## TO DO
Using the data that follows, state the number of lines holding the word "weakly", and give no other output.

Saved entries:
☆ ☆ ☆ ☆ ☆ ☆ ☆

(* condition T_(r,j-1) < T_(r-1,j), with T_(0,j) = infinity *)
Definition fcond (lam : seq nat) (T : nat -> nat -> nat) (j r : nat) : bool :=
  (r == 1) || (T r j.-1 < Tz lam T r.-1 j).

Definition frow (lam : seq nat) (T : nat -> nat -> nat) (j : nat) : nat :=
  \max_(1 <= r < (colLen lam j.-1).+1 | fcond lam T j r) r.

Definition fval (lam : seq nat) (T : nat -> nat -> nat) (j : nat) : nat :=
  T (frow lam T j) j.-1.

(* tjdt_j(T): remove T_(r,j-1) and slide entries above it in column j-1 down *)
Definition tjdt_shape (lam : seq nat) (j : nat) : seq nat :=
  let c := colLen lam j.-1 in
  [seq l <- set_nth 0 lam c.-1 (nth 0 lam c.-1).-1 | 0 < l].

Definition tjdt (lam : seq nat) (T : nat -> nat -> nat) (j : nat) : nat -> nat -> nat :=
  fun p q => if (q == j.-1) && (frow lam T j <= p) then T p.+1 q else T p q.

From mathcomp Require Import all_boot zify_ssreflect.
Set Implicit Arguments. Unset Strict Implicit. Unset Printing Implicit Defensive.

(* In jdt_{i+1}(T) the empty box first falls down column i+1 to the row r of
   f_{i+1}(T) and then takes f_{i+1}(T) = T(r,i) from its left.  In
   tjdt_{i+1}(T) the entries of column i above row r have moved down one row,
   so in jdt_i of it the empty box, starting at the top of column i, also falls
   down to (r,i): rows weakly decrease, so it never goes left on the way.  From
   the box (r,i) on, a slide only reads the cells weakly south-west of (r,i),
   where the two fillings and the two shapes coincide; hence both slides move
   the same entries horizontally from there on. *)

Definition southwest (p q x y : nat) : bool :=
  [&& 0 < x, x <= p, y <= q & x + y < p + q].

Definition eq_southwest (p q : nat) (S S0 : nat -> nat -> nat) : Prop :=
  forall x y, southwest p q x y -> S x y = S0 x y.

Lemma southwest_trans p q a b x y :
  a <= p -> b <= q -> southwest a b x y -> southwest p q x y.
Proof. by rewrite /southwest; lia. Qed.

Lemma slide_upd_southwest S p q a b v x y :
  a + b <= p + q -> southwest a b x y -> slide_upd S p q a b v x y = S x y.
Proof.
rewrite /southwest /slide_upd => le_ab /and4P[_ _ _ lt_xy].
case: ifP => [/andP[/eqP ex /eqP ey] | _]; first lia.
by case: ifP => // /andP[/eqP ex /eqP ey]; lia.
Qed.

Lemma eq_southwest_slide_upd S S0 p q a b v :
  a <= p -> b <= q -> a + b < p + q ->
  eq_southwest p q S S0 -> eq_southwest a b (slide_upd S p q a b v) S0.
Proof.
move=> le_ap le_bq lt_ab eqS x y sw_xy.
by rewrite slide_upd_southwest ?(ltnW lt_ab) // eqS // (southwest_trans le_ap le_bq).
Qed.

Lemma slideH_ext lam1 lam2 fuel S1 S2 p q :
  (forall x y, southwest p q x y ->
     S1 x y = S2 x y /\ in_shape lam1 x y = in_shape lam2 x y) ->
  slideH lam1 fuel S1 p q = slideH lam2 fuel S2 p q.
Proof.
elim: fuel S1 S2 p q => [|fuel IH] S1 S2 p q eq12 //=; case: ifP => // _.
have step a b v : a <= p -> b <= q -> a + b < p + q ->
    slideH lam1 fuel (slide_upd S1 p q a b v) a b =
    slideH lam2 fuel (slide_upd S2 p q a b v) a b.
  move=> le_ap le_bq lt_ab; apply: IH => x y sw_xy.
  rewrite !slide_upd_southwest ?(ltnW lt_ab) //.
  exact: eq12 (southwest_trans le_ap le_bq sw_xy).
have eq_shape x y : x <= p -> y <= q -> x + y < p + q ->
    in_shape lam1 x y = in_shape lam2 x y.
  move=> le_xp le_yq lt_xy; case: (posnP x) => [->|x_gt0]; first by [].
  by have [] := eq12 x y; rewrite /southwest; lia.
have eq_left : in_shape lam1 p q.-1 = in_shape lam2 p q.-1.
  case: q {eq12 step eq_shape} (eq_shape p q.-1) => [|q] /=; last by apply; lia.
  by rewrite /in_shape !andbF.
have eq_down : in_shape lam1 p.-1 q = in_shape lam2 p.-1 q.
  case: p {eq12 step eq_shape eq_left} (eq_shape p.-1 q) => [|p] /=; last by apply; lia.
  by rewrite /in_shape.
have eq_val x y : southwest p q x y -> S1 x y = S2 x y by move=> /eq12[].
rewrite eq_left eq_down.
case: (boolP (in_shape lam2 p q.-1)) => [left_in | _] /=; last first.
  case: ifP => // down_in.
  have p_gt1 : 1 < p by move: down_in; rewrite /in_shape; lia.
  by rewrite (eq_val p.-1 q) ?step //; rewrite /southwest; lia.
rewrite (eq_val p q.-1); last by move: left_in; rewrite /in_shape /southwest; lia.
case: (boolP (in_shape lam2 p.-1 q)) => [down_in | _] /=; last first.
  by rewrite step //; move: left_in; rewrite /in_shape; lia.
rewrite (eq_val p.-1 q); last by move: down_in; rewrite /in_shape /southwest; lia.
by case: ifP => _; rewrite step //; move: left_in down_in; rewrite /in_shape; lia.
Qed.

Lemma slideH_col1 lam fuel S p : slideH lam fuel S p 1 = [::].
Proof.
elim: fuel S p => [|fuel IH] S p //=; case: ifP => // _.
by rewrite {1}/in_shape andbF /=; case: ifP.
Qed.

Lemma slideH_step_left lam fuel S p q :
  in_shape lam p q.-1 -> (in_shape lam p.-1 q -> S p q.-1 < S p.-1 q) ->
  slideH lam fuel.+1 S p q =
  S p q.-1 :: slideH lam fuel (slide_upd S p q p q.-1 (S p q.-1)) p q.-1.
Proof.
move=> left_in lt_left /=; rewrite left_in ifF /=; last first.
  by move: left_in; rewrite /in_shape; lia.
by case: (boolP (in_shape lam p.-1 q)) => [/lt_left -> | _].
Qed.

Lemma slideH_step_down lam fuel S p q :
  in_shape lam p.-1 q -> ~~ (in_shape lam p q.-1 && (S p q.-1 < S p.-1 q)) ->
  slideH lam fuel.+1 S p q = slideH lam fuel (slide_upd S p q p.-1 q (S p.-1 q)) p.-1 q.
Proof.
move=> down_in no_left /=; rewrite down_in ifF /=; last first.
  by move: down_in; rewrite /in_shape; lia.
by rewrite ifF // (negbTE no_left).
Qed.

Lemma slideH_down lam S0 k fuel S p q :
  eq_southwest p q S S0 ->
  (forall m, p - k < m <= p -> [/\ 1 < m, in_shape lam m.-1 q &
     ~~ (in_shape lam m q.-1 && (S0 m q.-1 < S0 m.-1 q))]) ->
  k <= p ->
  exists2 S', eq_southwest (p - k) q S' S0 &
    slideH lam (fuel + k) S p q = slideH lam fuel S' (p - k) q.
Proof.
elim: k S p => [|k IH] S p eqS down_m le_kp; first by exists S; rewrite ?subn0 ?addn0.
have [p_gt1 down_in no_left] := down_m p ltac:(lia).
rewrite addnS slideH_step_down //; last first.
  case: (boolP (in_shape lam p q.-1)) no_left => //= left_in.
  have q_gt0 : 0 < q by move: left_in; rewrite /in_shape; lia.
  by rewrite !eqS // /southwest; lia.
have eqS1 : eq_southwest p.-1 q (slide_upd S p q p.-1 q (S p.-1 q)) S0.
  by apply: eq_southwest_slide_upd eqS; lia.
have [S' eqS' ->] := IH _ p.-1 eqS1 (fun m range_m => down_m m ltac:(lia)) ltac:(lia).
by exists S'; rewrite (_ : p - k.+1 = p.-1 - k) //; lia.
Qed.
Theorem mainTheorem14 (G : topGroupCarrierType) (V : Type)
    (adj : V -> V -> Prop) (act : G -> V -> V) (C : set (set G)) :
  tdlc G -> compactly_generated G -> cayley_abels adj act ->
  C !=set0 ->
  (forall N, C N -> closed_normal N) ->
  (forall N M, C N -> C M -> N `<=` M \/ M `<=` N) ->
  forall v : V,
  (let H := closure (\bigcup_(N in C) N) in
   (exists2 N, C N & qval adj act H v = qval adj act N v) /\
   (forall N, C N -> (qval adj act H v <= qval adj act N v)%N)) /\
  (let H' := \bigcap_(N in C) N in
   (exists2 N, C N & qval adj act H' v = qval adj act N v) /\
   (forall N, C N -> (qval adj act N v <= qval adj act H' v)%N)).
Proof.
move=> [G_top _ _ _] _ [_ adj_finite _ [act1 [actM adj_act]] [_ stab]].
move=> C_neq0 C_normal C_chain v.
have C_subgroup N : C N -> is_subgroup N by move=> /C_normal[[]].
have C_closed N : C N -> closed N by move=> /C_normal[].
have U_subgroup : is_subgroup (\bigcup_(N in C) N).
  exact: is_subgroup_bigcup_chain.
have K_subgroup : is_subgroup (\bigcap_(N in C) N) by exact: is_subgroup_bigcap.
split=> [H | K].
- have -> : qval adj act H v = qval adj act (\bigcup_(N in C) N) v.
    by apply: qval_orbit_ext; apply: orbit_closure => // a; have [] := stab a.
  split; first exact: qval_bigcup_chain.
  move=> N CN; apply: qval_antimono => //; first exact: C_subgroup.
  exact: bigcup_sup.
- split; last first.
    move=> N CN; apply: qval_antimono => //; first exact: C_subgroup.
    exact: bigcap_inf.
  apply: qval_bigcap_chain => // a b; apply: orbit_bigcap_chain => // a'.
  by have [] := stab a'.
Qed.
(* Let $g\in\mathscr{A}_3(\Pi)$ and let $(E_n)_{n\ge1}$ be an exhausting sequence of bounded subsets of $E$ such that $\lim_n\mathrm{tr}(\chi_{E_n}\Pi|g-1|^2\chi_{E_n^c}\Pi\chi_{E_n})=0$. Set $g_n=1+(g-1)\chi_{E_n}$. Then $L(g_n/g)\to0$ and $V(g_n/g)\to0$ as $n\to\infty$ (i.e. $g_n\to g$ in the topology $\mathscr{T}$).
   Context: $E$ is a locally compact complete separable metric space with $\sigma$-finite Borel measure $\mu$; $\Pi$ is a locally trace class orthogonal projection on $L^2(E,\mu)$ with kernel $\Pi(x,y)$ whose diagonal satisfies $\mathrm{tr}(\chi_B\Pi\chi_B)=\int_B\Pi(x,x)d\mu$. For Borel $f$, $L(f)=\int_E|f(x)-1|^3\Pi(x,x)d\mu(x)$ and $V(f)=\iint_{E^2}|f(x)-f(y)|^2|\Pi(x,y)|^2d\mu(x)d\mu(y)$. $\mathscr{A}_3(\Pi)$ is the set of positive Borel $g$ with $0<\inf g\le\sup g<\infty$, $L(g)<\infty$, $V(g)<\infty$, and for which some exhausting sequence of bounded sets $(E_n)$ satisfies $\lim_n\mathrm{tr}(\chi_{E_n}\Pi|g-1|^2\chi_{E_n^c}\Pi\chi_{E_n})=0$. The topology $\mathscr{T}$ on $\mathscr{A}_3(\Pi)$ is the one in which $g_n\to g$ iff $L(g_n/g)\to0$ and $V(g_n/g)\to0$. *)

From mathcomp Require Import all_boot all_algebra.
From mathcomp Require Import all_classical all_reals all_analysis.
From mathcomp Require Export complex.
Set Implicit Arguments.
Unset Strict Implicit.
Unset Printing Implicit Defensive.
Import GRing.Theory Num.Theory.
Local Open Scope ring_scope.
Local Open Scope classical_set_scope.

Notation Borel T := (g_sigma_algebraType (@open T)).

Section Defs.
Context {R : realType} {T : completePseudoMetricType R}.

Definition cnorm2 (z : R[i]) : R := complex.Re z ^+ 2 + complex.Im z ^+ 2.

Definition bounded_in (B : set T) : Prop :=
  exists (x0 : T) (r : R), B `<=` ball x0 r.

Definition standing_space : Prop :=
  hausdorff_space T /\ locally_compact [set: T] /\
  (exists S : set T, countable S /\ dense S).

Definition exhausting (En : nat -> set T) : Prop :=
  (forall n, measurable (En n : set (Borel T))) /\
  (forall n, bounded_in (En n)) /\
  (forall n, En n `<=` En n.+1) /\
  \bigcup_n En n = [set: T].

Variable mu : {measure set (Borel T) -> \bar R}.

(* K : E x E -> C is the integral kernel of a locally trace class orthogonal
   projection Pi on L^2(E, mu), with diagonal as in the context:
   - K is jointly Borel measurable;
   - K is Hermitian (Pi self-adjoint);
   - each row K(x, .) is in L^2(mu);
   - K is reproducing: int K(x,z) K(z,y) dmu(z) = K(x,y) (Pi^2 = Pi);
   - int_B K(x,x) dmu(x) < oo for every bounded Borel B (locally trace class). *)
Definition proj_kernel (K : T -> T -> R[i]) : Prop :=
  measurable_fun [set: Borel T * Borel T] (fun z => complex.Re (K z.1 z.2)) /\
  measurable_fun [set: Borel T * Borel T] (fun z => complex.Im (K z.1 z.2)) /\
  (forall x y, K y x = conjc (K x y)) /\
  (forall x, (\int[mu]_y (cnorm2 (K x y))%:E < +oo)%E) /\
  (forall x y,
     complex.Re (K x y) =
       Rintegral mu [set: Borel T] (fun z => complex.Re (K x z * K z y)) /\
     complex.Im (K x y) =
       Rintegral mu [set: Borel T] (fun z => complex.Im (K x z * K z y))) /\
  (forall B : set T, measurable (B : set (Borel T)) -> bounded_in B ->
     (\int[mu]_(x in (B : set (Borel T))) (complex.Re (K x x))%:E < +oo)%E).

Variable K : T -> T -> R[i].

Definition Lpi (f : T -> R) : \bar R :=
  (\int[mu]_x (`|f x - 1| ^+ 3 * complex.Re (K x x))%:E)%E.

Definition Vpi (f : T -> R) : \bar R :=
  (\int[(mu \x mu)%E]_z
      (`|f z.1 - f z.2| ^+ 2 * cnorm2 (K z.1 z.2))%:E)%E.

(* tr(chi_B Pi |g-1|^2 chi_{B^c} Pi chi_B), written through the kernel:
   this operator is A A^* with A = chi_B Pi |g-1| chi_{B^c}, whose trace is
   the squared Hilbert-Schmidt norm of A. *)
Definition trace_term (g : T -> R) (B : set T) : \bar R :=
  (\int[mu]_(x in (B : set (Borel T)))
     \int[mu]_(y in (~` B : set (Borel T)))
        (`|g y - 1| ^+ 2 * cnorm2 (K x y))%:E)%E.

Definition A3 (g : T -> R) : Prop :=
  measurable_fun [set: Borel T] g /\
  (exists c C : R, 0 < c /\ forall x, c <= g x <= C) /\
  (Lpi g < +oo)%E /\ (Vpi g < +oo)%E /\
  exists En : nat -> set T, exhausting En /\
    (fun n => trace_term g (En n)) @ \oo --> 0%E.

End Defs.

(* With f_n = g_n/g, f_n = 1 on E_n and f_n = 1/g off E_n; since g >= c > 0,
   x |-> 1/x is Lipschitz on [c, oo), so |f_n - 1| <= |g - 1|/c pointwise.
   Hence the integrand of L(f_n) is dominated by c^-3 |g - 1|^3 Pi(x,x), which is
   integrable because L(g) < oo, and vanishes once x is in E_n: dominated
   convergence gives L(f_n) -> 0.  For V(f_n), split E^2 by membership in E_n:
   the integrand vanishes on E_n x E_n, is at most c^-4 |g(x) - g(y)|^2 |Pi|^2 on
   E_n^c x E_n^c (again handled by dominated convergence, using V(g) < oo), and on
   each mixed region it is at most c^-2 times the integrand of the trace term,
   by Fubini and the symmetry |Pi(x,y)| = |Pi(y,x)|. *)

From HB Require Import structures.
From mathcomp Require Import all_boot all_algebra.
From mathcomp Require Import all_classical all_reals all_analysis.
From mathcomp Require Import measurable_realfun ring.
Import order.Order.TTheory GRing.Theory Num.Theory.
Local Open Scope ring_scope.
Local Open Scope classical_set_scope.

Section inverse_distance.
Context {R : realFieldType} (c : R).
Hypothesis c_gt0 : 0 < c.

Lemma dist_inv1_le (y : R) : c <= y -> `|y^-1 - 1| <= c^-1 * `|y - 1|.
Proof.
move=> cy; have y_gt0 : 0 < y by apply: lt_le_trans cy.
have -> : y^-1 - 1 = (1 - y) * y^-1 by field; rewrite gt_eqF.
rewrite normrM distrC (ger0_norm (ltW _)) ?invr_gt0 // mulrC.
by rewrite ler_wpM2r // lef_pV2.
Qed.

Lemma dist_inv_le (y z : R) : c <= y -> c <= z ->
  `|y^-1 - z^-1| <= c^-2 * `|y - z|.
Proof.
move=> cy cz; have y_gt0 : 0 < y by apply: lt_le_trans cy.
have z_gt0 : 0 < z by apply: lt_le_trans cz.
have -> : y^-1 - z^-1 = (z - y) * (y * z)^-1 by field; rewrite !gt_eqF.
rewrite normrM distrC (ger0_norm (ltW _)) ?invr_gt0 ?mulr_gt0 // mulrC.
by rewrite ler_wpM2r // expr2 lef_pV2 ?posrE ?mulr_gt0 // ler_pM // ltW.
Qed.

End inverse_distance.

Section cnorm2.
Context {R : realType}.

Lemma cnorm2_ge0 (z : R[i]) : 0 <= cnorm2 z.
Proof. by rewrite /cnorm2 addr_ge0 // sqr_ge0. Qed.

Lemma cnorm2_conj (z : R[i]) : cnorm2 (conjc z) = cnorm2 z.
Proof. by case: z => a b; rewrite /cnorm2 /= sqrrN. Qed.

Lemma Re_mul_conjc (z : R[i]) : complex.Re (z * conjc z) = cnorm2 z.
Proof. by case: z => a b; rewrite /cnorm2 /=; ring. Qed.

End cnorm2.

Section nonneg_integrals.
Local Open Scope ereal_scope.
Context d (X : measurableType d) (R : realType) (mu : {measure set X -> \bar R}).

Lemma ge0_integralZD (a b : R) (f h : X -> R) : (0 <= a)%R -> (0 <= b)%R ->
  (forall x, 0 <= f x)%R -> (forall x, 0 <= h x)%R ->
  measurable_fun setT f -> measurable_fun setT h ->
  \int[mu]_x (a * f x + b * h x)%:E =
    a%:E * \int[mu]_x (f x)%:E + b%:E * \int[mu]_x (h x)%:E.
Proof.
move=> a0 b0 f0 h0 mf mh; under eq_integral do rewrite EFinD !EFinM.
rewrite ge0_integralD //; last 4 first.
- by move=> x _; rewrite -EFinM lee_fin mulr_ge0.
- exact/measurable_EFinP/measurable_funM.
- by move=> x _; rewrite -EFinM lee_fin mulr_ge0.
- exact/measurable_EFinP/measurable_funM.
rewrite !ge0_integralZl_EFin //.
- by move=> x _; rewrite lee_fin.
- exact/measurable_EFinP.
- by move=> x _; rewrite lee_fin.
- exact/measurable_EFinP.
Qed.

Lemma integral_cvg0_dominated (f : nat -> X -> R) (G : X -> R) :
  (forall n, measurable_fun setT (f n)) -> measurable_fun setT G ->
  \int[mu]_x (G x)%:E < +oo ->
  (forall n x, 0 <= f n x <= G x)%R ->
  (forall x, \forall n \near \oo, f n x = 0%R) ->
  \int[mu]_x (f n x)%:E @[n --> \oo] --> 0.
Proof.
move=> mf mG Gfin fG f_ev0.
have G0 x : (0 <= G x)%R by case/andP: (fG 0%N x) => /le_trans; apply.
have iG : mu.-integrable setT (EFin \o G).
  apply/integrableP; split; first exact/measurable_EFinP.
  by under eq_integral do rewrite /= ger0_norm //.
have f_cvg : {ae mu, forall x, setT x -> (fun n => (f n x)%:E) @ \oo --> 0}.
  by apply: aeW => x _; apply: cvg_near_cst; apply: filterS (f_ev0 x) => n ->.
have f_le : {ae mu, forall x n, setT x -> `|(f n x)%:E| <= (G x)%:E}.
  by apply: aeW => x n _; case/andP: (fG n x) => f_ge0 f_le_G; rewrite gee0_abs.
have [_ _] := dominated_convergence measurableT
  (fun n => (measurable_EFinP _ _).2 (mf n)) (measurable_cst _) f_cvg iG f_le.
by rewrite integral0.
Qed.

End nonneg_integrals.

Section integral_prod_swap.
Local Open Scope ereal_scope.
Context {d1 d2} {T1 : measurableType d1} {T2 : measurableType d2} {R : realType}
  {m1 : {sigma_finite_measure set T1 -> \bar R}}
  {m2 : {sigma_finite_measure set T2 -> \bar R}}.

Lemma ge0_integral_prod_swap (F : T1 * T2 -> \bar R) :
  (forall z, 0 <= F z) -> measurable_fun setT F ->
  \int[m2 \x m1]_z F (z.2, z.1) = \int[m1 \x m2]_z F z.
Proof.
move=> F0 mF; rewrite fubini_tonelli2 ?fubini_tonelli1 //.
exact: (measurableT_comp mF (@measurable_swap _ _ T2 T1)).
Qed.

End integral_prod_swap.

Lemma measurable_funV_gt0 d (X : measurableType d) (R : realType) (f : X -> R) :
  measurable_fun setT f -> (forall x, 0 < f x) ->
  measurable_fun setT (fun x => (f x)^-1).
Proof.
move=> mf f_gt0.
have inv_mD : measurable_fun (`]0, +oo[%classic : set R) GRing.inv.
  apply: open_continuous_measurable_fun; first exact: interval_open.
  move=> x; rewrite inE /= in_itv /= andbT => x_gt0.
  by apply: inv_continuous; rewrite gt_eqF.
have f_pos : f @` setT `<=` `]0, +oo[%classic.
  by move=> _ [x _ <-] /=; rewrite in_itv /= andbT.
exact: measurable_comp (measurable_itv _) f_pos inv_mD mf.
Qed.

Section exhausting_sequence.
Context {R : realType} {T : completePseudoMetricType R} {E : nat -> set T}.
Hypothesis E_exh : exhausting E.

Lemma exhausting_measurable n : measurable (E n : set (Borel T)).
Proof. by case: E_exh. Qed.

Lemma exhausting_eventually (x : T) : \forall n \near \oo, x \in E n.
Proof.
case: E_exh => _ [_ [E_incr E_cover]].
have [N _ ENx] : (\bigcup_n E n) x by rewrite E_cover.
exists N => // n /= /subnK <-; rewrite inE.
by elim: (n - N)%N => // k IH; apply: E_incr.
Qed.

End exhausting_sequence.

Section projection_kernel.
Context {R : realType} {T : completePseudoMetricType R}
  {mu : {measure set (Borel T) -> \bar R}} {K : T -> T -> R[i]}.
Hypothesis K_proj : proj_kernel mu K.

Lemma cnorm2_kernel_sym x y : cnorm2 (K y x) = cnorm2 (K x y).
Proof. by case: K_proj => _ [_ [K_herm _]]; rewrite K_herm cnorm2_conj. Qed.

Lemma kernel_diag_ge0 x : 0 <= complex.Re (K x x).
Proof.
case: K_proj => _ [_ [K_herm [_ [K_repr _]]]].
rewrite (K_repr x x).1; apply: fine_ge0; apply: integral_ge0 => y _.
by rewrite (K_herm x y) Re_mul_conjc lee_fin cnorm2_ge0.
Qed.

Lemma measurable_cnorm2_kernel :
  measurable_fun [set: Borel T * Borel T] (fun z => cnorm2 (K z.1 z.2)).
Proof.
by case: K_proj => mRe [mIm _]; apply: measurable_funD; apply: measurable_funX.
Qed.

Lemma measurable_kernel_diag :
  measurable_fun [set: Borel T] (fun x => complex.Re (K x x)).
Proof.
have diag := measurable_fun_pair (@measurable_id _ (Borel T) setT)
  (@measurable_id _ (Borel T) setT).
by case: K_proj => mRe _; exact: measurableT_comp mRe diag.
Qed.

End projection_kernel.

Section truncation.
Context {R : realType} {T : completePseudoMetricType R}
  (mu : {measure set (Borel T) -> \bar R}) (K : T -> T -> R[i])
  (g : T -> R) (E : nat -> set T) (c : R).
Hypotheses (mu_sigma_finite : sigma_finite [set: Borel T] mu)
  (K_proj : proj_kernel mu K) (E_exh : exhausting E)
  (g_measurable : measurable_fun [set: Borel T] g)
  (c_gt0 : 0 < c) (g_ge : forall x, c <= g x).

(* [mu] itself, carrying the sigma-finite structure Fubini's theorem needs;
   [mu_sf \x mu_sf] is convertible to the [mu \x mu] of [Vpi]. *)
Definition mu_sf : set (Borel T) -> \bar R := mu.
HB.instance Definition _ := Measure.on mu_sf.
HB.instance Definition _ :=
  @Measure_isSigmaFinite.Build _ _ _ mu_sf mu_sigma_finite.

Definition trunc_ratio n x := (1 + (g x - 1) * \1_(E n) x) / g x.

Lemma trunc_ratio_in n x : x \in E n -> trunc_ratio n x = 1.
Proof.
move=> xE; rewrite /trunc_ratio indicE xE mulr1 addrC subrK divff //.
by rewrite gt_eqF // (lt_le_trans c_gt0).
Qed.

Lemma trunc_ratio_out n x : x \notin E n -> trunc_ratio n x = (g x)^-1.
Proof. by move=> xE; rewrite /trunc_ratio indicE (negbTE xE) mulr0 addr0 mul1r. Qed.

☆ ☆ ☆ ☆ ☆ ☆ ☆

## SOLVED PROBLEM
2